El caso es que puedo hacer dos cosas, o comprarme un cargador universal que tenga la conexión para mi portátil y tenga entrada de tensión a 24Vdc (que no he visto ninguno, todos los que he visto son de 12Vdc) para así no tener que hacer nada, simplemente conectar el cargador a una toma de mechero del camión y que la electrónica del cargador se ocupe de todo, o hacer un pequeño circuito que me baje de los 24 - 16Vdc a los 19Vdc que necesita mi portátil, había pensado en algo tipo LM317 pero no me da la intensidad que necesito, y también había pensado en una cascada de diodos en serie para bajar la tensión, pero esto último no me gusta ya que la tensión no llegaría filtrada al portátil y muy posiblemente se podría llegar a quemar.

Por último habría la posibilidad de comprar un regulador de voltaje variable y ajustarlo a los 19Vdc que necesita mi portátil, pero si me puedo ahorrar tener que comprarlo pues mejor, ya que en Aliexpress los he llegado a ver desde unos 10€, pero dudo mucho que entreguen la corriente que necesito.

En fin, sé que os he escrito un testamento, pero quería dejar todo claro.

Ahora bien, sabiendo las necesidades que tengo y las posibilidades, que me recomendáis que haga??

El tema de comprar lo que haga falta no sería problema, aunque me tarde en llegar un tiempo.

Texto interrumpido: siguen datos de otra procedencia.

(* Consider the DSA algorithm described in the context, under conditions (a)–(c) on the weights and assuming every $f_{n,i}$ is differentiable and $\mu$-strongly convex with $L$-Lipschitz gradient. Then for any constant $\eta>0$ and every $t\ge0$, \begin{align*} \mathbb{E}\left[\|\mathbf{u}^{t+1}-\mathbf{u}^*\|_{\mathbf{G}}^2\mid\mathcal{F}^t\right]&\le\|\mathbf{u}^t-\mathbf{u}^*\|_{\mathbf{G}}^2-2\,\mathbb{E}\left[\|\mathbf{x}^{t+1}-\mathbf{x}^*\|_{\mathbf{I}+\mathbf{Z}-2\tilde{\mathbf{Z}}}^2\mid\mathcal{F}^t\right]+\frac{4\alpha L}{\eta}p^t\\ &\quad-\mathbb{E}\left[\|\mathbf{x}^{t+1}-\mathbf{x}^t\|_{\tilde{\mathbf{Z}}-2\alpha\eta\mathbf{I}}^2\mid\mathcal{F}^t\right]-\mathbb{E}\left[\|\mathbf{v}^{t+1}-\mathbf{v}^t\|^2\mid\mathcal{F}^t\right]\\ &\quad-\left(\frac{4\alpha\mu}{L}-\frac{2\alpha(2L-\mu)}{\eta}\right)\left(f(\mathbf{x}^{t})-f(\mathbf{x}^* )-\nabla f(\mathbf{x}^* )^T(\mathbf{x}^{t}-\mathbf{x}^* )\right). \end{align*}
   Context: Problem: a connected network of $N$ nodes; node $n$ holds $q_n$ functions $f_{n,i}:\mathbb{R}^p\to\mathbb{R}$, each differentiable, $\mu$-strongly convex, with $L$-Lipschitz gradient; $f_n:=\frac1{q_n}\sum_i f_{n,i}$, $\tilde{\mathbf{x}}^*:=\arg\min_{\mathbf{x}}\sum_n f_n(\mathbf{x})$. For $\mathbf{x}=[\mathbf{x}_1;\dots;\mathbf{x}_N]\in\mathbb{R}^{Np}$, $f(\mathbf{x}):=\sum_n f_n(\mathbf{x}_n)$, $\mathbf{x}^*:=[\tilde{\mathbf{x}}^*;\dots;\tilde{\mathbf{x}}^*]$. Weights: $\mathbf{W},\tilde{\mathbf{W}}\in\mathbb{R}^{N\times N}$ with entries nonzero only for $m=n$ or $m$ a neighbor of $n$, satisfying (a) symmetry; (b) $\mathrm{null}(\mathbf{I}-\tilde{\mathbf{W}})\supseteq\mathrm{span}(\mathbf{1})$, $\mathrm{null}(\mathbf{I}-\mathbf{W})=\mathrm{span}(\mathbf{1})$, $\mathrm{null}(\tilde{\mathbf{W}}-\mathbf{W})=\mathrm{span}(\mathbf{1})$; (c) $\mathbf{W}\preceq\tilde{\mathbf{W}}\preceq(\mathbf{I}+\mathbf{W})/2$, $\tilde{\mathbf{W}}\succ0$. $\mathbf{Z}:=\mathbf{W}\otimes\mathbf{I}_p$, $\tilde{\mathbf{Z}}:=\tilde{\mathbf{W}}\otimes\mathbf{I}_p$, $\mathbf{U}:=(\tilde{\mathbf{Z}}-\mathbf{Z})^{1/2}$. DSA: stepsize $\alpha>0$, initial $\mathbf{x}_n^0$, $\mathbf{y}_{n,i}^0=\mathbf{x}_n^0$. At each $t\ge0$ node $n$ draws $i_n^t$ uniformly from $\{1,\dots,q_n\}$ independently of the past, sets $\hat{\mathbf{g}}_n^t:=\nabla f_{n,i_n^t}(\mathbf{x}_n^t)-\nabla f_{n,i_n^t}(\mathbf{y}_{n,i_n^t}^t)+\frac1{q_n}\sum_{i}\nabla f_{n,i}(\mathbf{y}_{n,i}^t)$, and $\mathbf{y}_{n,i}^{t+1}=\mathbf{x}_n^t$ if $i=i_n^t$, else $\mathbf{y}_{n,i}^{t+1}=\mathbf{y}_{n,i}^t$. With $\hat{\mathbf{g}}^t:=[\hat{\mathbf{g}}_1^t;\dots;\hat{\mathbf{g}}_N^t]$: $\mathbf{x}^1=\mathbf{Z}\mathbf{x}^0-\alpha\hat{\mathbf{g}}^0$, $\mathbf{x}^{t+1}=(\mathbf{I}+\mathbf{Z})\mathbf{x}^t-\tilde{\mathbf{Z}}\mathbf{x}^{t-1}-\alpha[\hat{\mathbf{g}}^t-\hat{\mathbf{g}}^{t-1}]$ for $t\ge1$. Dual variables $\mathbf{v}^t:=\sum_{s=0}^t\mathbf{U}\mathbf{x}^s$; $\mathbf{v}^*$ is the vector in the column space of $\mathbf{U}$ with $\alpha\nabla f(\mathbf{x}^* )+\mathbf{U}\mathbf{v}^*=\mathbf{0}$. Set $\mathbf{u}^t:=[\mathbf{x}^t;\mathbf{v}^t]$, $\mathbf{u}^*:=[\mathbf{x}^*;\mathbf{v}^*]$, $\mathbf{G}:=\mathrm{diag}(\tilde{\mathbf{Z}},\mathbf{I})\in\mathbb{R}^{2Np\times2Np}$. For a symmetric matrix $\mathbf{A}$, $\|\mathbf{z}\|_{\mathbf{A}}^2:=\mathbf{z}^T\mathbf{A}\mathbf{z}$. $\mathcal{F}^t$ is the sigma-algebra of the history up to time $t$. Define $$p^t:=\sum_{n=1}^N\frac1{q_n}\sum_{i=1}^{q_n}\left(f_{n,i}(\mathbf{y}_{n,i}^t)-f_{n,i}(\tilde{\mathbf{x}}^* )-\nabla f_{n,i}(\tilde{\mathbf{x}}^* )^T(\mathbf{y}_{n,i}^t-\tilde{\mathbf{x}}^* )\right).$$ *)

From mathcomp Require Import all_boot all_algebra.
From mathcomp Require Import all_classical all_reals all_analysis.
From mathcomp.real_closed Require Export mxtens.
Import GRing.Theory Num.Theory numFieldNormedType.Exports.
Set Implicit Arguments. Unset Strict Implicit. Unset Printing Implicit Defensive.
Local Open Scope ring_scope.
(* With e_i = ceil(x_i) - 1 we have x_i <= e_i + 1 and x_i outside {1, ..., e_i};
   reals that are not positive integers avoid every first_naturals, so no
   integrality of the x_i is needed. *)
Lemma exists_composition_avoiding (R : archiRealFieldType) (J : seq nat)
    (x : nat -> R) (L : nat) (y : R) :
  (size J + L)%:R - 1 <= y -> y < \sum_(j <- J) x j ->
  exists2 s, s \in compositions (size J) L &
    forall j, j \in J -> ~ first_naturals (nth 0 s (index j J)) (x j).
Proof.
move=> hy hx; pose e i := `|Num.ceil (x (nth 0 J i)) - 1|%N.
have he i : x (nth 0 J i) <= (e i)%:R + 1.
  have := ceil_ge (x (nth 0 J i)).
  have := ler_norm (Num.ceil (x (nth 0 J i)) - 1).
  by rewrite natr_absz -(ler_int R) intrB; lra.
have [|s hs hle] := @exists_composition_le e (size J) L.
  rewrite -ltnS -(ltr_nat R) -addn1 natrD natr_sum.
  have : \sum_(j <- J) x j <= \sum_(i < size J) ((e i)%:R + 1).
    by rewrite (big_nth 0) big_mkord; apply: ler_sum => i _; exact: he.
  by rewrite big_split /= sumr_const card_ord natrD in hy *; lra.
exists s => // j hj /first_naturalsP[a ha hxj].
have hi : (index j J < size J)%N by rewrite index_mem.
have ceil_a : Num.ceil (a.+1%:R : R) = a.+1 by rewrite -[_%:R]/(a.+1%:~R) intrKceil.
by have := hle _ hi; rewrite /e nth_index // hxj ceil_a -addn1 PoszD addrK leqNgt ha.
Qed.

Section geometric_law.
Context d (Omega : measurableType d) (R : realType) (P : probability Omega R).
Variables (p : R) (X : {RV P >-> R}).
Hypothesis lawX : geometric_law P p X.

Lemma geometric_first_naturals a :
  P (X @^-1` first_naturals a) = (1 - (1 - p) ^+ a)%:E.
Proof.
rewrite /first_naturals -(bigcup_mkord a (fun j => [set j.+1%:R])).
rewrite preimage_bigcup bigcup_mkord measure_bigsetU_ord //=.
- under eq_bigr => j _ do rewrite lawX //=.
  by rewrite sumEFin -mulr_sumr; congr EFin; rewrite -[RHS]opprB subrX1; ring.
- move=> i j _ _ [w [/= -> /eqP]]; rewrite eqr_nat eqSS => /eqP; exact: val_inj.
Qed.

Lemma geometric_tail a : P (X @^-1` ~` first_naturals a) = ((1 - p) ^+ a)%:E.
Proof.
rewrite -preimage_setC probability_setC ?geometric_first_naturals -?EFinB.
  by congr EFin; ring.
exact: measurable_funPTI (measurable_first_naturals a).
Qed.

End geometric_law.

Section independent_geometric_sum.
Context d (Omega : measurableType d) (R : realType) (P : probability Omega R).
Variables (I : set nat) (X : nat -> {RV P >-> R}) (p : nat -> R) (J : seq nat) (q : R).
Hypotheses (indX : mutually_independent P I X) (uJ : uniq J) (JI : {subset J <= I}).
Hypotheses (lawX : forall j, j \in J -> geometric_law P (p j) (X j))
  (pq : forall j, j \in J -> 0 <= 1 - p j <= q) (q0 : 0 <= q).

Definition avoiding_event (s : seq nat) : set Omega :=
  \bigcap_(j in [set` J]) X j @^-1` ~` first_naturals (nth 0 s (index j J)).

Lemma measurable_avoiding_event s : measurable (avoiding_event s).
Proof.
apply: bigcap_measurableType => j _.
exact: measurable_funPTI (measurableC (measurable_first_naturals _)).
Qed.

Lemma avoiding_event_le s : size s = size J ->
  (P (avoiding_event s) <= (q ^+ sumn s)%:E)%E.
Proof.
move=> hs; rewrite /avoiding_event indX //; last first.
  by move=> j; exact: measurableC (measurable_first_naturals _).
rewrite big_seq; under eq_bigr => j hj do rewrite (geometric_tail (lawX hj)).
rewrite prodEFin lee_fin -(sum_nth_index 0%N uJ hs) -prodrXr [leRHS]big_seq.
apply: ler_prod => j hj.
have /andP[p0 pj] := pq hj.
by rewrite exprn_ge0 //= lerXn2r // nnegrE (le_trans p0).
Qed.

Lemma geometric_sum_tail L (y : R) : (size J + L)%:R - 1 <= y ->
  (P [set w | (y < \sum_(j <- J) X j w)%R] <= (2 ^+ size J * (2 * q) ^+ L)%:E)%E.
Proof.
move=> hy; set V := compositions (size J) L.
have mE : measurable [set w | y < \sum_(j <- J) X j w].
  rewrite -[X in measurable X]setTI.
  have -> : [set w | y < \sum_(j <- J) X j w] =
      (fun w => \sum_(j <- J) X j w) @^-1` `]y, +oo[.
    by apply/seteqP; split => w /=; rewrite in_itv /= andbT.
  by apply: measurable_sum => //= j; exact: measurable_funP.
have cover : [set w | y < \sum_(j <- J) X j w] `<=`
    \big[setU/set0]_(k < size V) avoiding_event (nth [::] V k).
  move=> w /= hw; have [s hs avoid] := exists_composition_avoiding hy hw.
  rewrite -(bigcup_mkord _ (fun k => avoiding_event (nth [::] V k))).
  exists (index s V); first by rewrite /= index_mem.
  by rewrite nth_index // => j /= /avoid.
apply: le_trans (@content_subadditive _ _ _ P _
  (fun k => avoiding_event (nth [::] V k)) _ _ mE cover) _.
  by move=> k _; exact: measurable_avoiding_event.
apply: (@le_trans _ _ (\sum_(k < size V) (q ^+ L)%:E)).
  apply: lee_sum => k _; have := mem_nth [::] (ltn_ord k).
  rewrite mem_filter mem_bounded_seqs => /andP[/eqP <- /andP[/eqP hs _]].
  exact: avoiding_event_le.
rewrite sumEFin lee_fin sumr_const card_ord -[_ *+ size V]mulr_natl.
rewrite exprMn mulrA -exprD.
by rewrite ler_wpM2r ?exprn_ge0 // -natrX ler_nat size_compositions.
Qed.

End independent_geometric_sum.

Lemma coupon_exp_bound (R : realType) (u eta : R) (n m k L : nat) :
  0 < u -> 0 < eta -> (0 < m)%N -> 2 * u * m%:R < n%:R ->
  k%:R <= u * m%:R -> eta * m%:R < L%:R ->
  2 ^+ k * (2 * (u * m%:R / n%:R)) ^+ L <=
  expR (- eta * m%:R * ln (n%:R / m%:R) + (eta * `|ln (2 * u)| + u * ln 2) * m%:R).
Proof.
move=> u0 eta0 m0 hn hk hL.
have mpos : 0 < m%:R :> R by rewrite ltr0n.
have npos : 0 < n%:R :> R by apply: le_lt_trans hn; rewrite !mulr_ge0 ?ltW.
have nm0 : 0 < n%:R / m%:R :> R by rewrite divr_gt0.
have q2_gt0 : 0 < 2 * (u * m%:R / n%:R) by rewrite !mulr_gt0 ?invr_gt0.
have q2_le1 : 2 * (u * m%:R / n%:R) <= 1 by rewrite !mulrA ler_pdivrMr ?mul1r ?ltW.
have ln_q2 : ln (2 * (u * m%:R / n%:R)) = ln (2 * u) - ln (n%:R / m%:R).
  have u2 : 0 < 2 * u by rewrite mulr_gt0.
  rewrite -lnV ?posrE // -lnM ?posrE ?invr_gt0 //.
  by rewrite invf_div !mulrA.
have ln2 : 0 < ln (2 : R) by rewrite ln_gt0 // ltr1n.
have expR_ln_natl (x : R) j : 0 < x -> x ^+ j = expR (j%:R * ln x).
  by move=> x0; rewrite expRM_natl lnK.
rewrite !expR_ln_natl // -expRD ler_expR ln_q2.
have lnq2_le0 : ln (2 * u) - ln (n%:R / m%:R) <= 0 by rewrite -ln_q2 ln_le0.
have h1 : L%:R * (ln (2 * u) - ln (n%:R / m%:R)) <=
          eta * m%:R * (ln (2 * u) - ln (n%:R / m%:R)).
  by apply: ler_wnM2r => //; exact: ltW.
have h2 : k%:R * ln 2 <= u * m%:R * ln 2 by apply: ler_wpM2r; [exact: ltW | exact: hk].
have h3 : eta * m%:R * ln (2 * u) <= eta * m%:R * `|ln (2 * u)|.
  by apply: ler_wpM2l (ler_norm _); rewrite mulr_ge0 ?ltW.
nra.
Qed.

Lemma subr_p_coupon (R : realType) n i : (0 < n)%N ->
  1 - p_coupon R n i = (i%:R - 1) / n%:R.
Proof. by move=> n0; rewrite /p_coupon; field; rewrite pnatr_eq0 -lt0n. Qed.

Definition beta_coupon (R : realType) (u eta : R) := eta / (2 * u ^+ 2).

Definition delta_coupon (R : realType) (u eta : R) :=
  eta * `|ln (2 * u)| + u * ln 2.

Lemma coupon_sum_tail (R : realType) (u eta : R) (n m : nat) :
  0 < u -> 0 < eta < u -> (0 < m)%N -> m%:R < beta_coupon u eta * n%:R ->
  forall d (Omega : measurableType d) (P : probability Omega R)
         (T : nat -> {RV P >-> R}),
  mutually_independent P [set i | (1 <= i <= n)%N] T ->
  (forall i, (1 <= i <= n)%N -> geometric_law P (p_coupon R n i) (T i)) ->
  (P [set w | (u * m%:R < \sum_(1 <= i < (Num.truncn ((u - eta) * m%:R)).+1) T i w)%R]
   <= (expR (- eta * m%:R * ln (n%:R / m%:R) + delta_coupon u eta * m%:R))%:E)%E.
Proof.
move=> u0 /andP[eta0 etau] m0 hm d Omega P T indT lawT.
set k := Num.truncn _; set L := (Num.truncn (eta * m%:R)).+1.
have mpos : 0 < m%:R :> R by rewrite ltr0n.
have h2um : 2 * u * m%:R < n%:R.
  move: hm; rewrite /beta_coupon mulrAC ltr_pdivlMr ?mulr_gt0 ?exprn_gt0 //.
  have : eta * n%:R <= u * n%:R by rewrite ler_wpM2r ?ler0n ?ltW.
  nra.
have hk : k%:R <= (u - eta) * m%:R by rewrite truncn_le mulr_ge0 ?subr_ge0 ?ltW.
have hkn : (k <= n)%N by rewrite -(ler_nat R); nra.
have hL : eta * m%:R < L%:R := truncnS_gt _.
have n0 : (0 < n)%N by rewrite -(ltr_nat R); nra.
have hJ i : i \in index_iota 1 k.+1 -> (1 <= i <= k)%N.
  by rewrite mem_index_iota ltnS.
have hJn i : i \in index_iota 1 k.+1 -> (1 <= i <= n)%N.
  by move=> /hJ /andP[-> /leq_trans]; apply.
apply: le_trans (geometric_sum_tail (q := u * m%:R / n%:R) (L := L) indT
  (iota_uniq _ _) _ _ _ _ _) _.
- by move=> i /hJn; rewrite inE.
- by move=> i /hJn; exact: lawT.
- move=> i /hJ /andP[i1 ik]; rewrite subr_p_coupon // ler_pM2r ?invr_gt0 ?ltr0n //.
  rewrite divr_ge0 ?subr_ge0 ?ler1n //=; rewrite -(ler_nat R) in ik; nra.
- by rewrite divr_ge0 // mulr_ge0 // ltW.
- have : (Num.truncn (eta * m%:R))%:R <= eta * m%:R.
    by rewrite truncn_le mulr_ge0 // ltW.
  by rewrite size_iota subn1 natrD /L -natr1; lra.
by rewrite lee_fin size_iota subn1 coupon_exp_bound //; nra.
Qed.
(* Let $\gamma:Y\to Y$, $\gamma(r,v)=(r,v+1)$ (an isometry of $Y$). There is a function $C(r)>0$ of $r\in[0,\infty)$ such that $$C(r)\,l^{\frac{1}{1+2\alpha}}\le \dist(\gamma^l x,x)\le 3\,l^{\frac{1}{1+2\alpha}}$$ holds for all $x=(r,v)\in Y$ and all $l\in\mathbb{Z}_+$.
   Context: Let $\alpha>0$. Let $Y=[0,\infty)\times\mathbb R$ with coordinates $(r,v)$, equipped with the distance $\dist$ defined as follows: on $(0,\infty)\times\mathbb R$, $\dist$ is the length distance of the incomplete Riemannian metric $g=dr^2+r^{-4\alpha}dv^2$, and $(Y,\dist)$ is the metric completion of $((0,\infty)\times\mathbb R,\dist)$, where the point $(0,v)$ is the limit of $(r,v)$ as $r\to0^+$. *)

From Stdlib Require Import Reals.
From Coquelicot Require Import Coquelicot.
Open Scope R_scope.

(* A real function that is C^1 (differentiable everywhere with continuous
   derivative).  Curves are parametrized on [0,1]; any C^1 curve on [0,1]
   extends to a C^1 function on R, so nothing is lost. *)
Definition is_C1 (f : R -> R) : Prop :=
  (forall t, ex_derive f t) /\ (forall t, continuous (Derive f) t).

Definition adm_curve (p q : R * R) (rc vc : R -> R) : Prop :=
  is_C1 rc /\ is_C1 vc /\ (forall t, 0 <= t <= 1 -> 0 < rc t) /\
  rc 0 = fst p /\ vc 0 = snd p /\ rc 1 = fst q /\ vc 1 = snd q.

Definition g_length (alpha : R) (rc vc : R -> R) : R :=
  RInt (fun t => sqrt ((Derive rc t) ^ 2
                       + Rpower (rc t) (-4 * alpha) * (Derive vc t) ^ 2)) 0 1.
(* Let $w'\in\mathcal{W}^e_n$ and let $(O',E')\to(O,E)$ be one application of the step $(\omega)$ during the computation of $\Omega(w')$, using the notation $o'_1|\cdots|o'_h$, $e'_1|\cdots|e'_k$, and (in cases (P'), (F')) $e'_1=r_js_j\cdots s_1$ from the definition of $(\omega)$. Let $O=o_1|\cdots|o_m$ be the Lyndon factorization of $O$, with conventions $o_i=o'_i=\infty$ for $i\le0$. Then: (i) All the Lyndon factors of $E$ are even. (ii) The Lyndon factors of $O$ are odd and pairwise distinct, and the Lyndon factorization of $O$ is $o'_1|\cdots|o'_{h-1}|o'_he'_1$ after a step of type (S'), $o'_1|\cdots|o'_{h-1}|r_js_jo'_h$ after a step of type (P'), and $o'_1|\cdots|o'_h|s_j|r_j$ after a step of type (F'). (iii) $E<o_{m-1}$. (iv) If $|o_m|\ge2$ and its standard factorization is $o_m=rs$, then the leftmost Lyndon factor $e_1$ of $E$ satisfies $e_1\le s$. (v) After a step of type (S'), the standard factorization of $o_m$ is $o_m=o'_h\cdot e'_1$. (vi) After a step of type (P'), the standard factorization of $o_m$ is $o_m=(r_js_j)\cdot o'_h$.
   Context: Fix a finite totally ordered alphabet $A$. Words are finite sequences over $A$; $-$ is the empty word. $<$ is lexicographic order (a proper prefix is smaller than the word); $\infty$ is a formal symbol with $w<\infty$ for all words $w$. A Lyndon word is a nonempty word strictly smaller than each of its proper nonempty suffixes. Every word has a unique Lyndon factorization $w=\ell_1\cdots\ell_m$ into Lyndon words with $\ell_1\ge\dots\ge\ell_m$, written $\ell_1|\cdots|\ell_m$; the $\ell_i$ are its Lyndon factors. Odd/even refer to lengths. For a Lyndon word $\ell$ with $|\ell|\ge2$, its standard factorization is $\ell=rs$ with $s$ the longest proper suffix of $\ell$ that is Lyndon (equivalently the smallest proper nonempty suffix). $\mathcal{W}^e_n$: words of length $n$ whose Lyndon factors are all even except possibly one factor of length one. Iterated standard factorization (ISF) of a Lyndon word $\ell$, $|\ell|\ge2$, with respect to $u$ (a word or $\infty$): the unique factorization $\ell=r_js_js_{j-1}\cdots s_1$, $j\ge1$, such that (a) for every $i\in[j]$, $s_i$ is the smallest proper nonempty suffix of $r_js_j\cdots s_i$; (b) for $i\in[j-1]$, $s_i$ is even and $s_i<u$; (c) $s_j$ is odd or $u\le s_j$. Computation of $\Omega(w')$ for $w'\in\mathcal{W}^e_n$: start with $(O',E')=(-,w')$; if $n$ is odd, remove the unique length-one Lyndon factor from $E'$ (so $E'$ becomes the concatenation of the remaining factors) and set $O'$ equal to that letter. While $E'$ is nonempty, apply step $(\omega)$: let $O'=o'_1|\cdots|o'_h$ and $E'=e'_1|\cdots|e'_k$ (with $o'_h=\infty$ if $O'$ is empty). If $o'_h<e'_1$, update to (S') $(O'e'_1,\ e'_2\cdots e'_k)$. Otherwise let $e'_1=r_js_js_{j-1}\cdots s_1$ be the ISF of $e'_1$ with respect to $o'_h$ and update to (P') $(o'_1\cdots o'_{h-1}r_js_jo'_h,\ s_{j-1}\cdots s_1e'_2\cdots e'_k)$ if $o'_h\le s_j$, or to (F') $(O's_jr_j,\ s_{j-1}\cdots s_1e'_2\cdots e'_k)$ if $s_j<o'_h$. When $E'$ is empty, $\Omega(w')=O'$. *)

From mathcomp Require Import all_boot all_order.
Set Implicit Arguments. Unset Strict Implicit. Unset Printing Implicit Defensive.
Import Order.TTheory.

Section Words.
Context {d : Order.disp_t} {A : finOrderType d}.

Definition word := seq A.

Fixpoint lexlt (u v : word) : bool :=
  match u, v with
  | [::], [::] => false
  | [::], _ :: _ => true
  | _ :: _, [::] => false
  | a :: u', b :: v' => (a < b)%O || ((a == b) && lexlt u' v')
  end.

Definition lexle (u v : word) : bool := (u == v) || lexlt u v.

(* words extended with infinity: None = infinity, w < infinity for all w *)
Definition ltw (x y : option word) : bool :=
  match x, y with
  | Some u, Some v => lexlt u v
  | Some _, None => true
  | None, _ => false
  end.

Definition lew (x y : option word) : bool := (x == y) || ltw x y.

Actualmente estoy usando otro portátil viejo con un cargador universal que tiene entrada de alimentación a 220Vac y 12Vdc pero no funciona muy bien, ya que a veces me dice el portátil que no lo tengo conectado al cargador y a los 2 segundos ya me dice que si y sigue haciendo ese buble varias veces hasta que se estabiliza (unos 5 o 10 minutos) y ya no me lo vuelve a decir, creo que puede deberse a algún condensador en mal estado, (tuve que cambiarle los condensadores electrolíticos de la entrada de 12Vdc (3 exactamente que llevaba en paralelo a la entrada de los 12Vdc del mechero) porque lo conecté a una toma de 24Vdc y reventaron, he de decir que cuando desmonté el cargador los condensadores eran de 16Vdc, por eso se fueron cuando los conecté a esa toma de 24, pero nada, fue cambiarlos y hasta la fecha sigue funcionando bien).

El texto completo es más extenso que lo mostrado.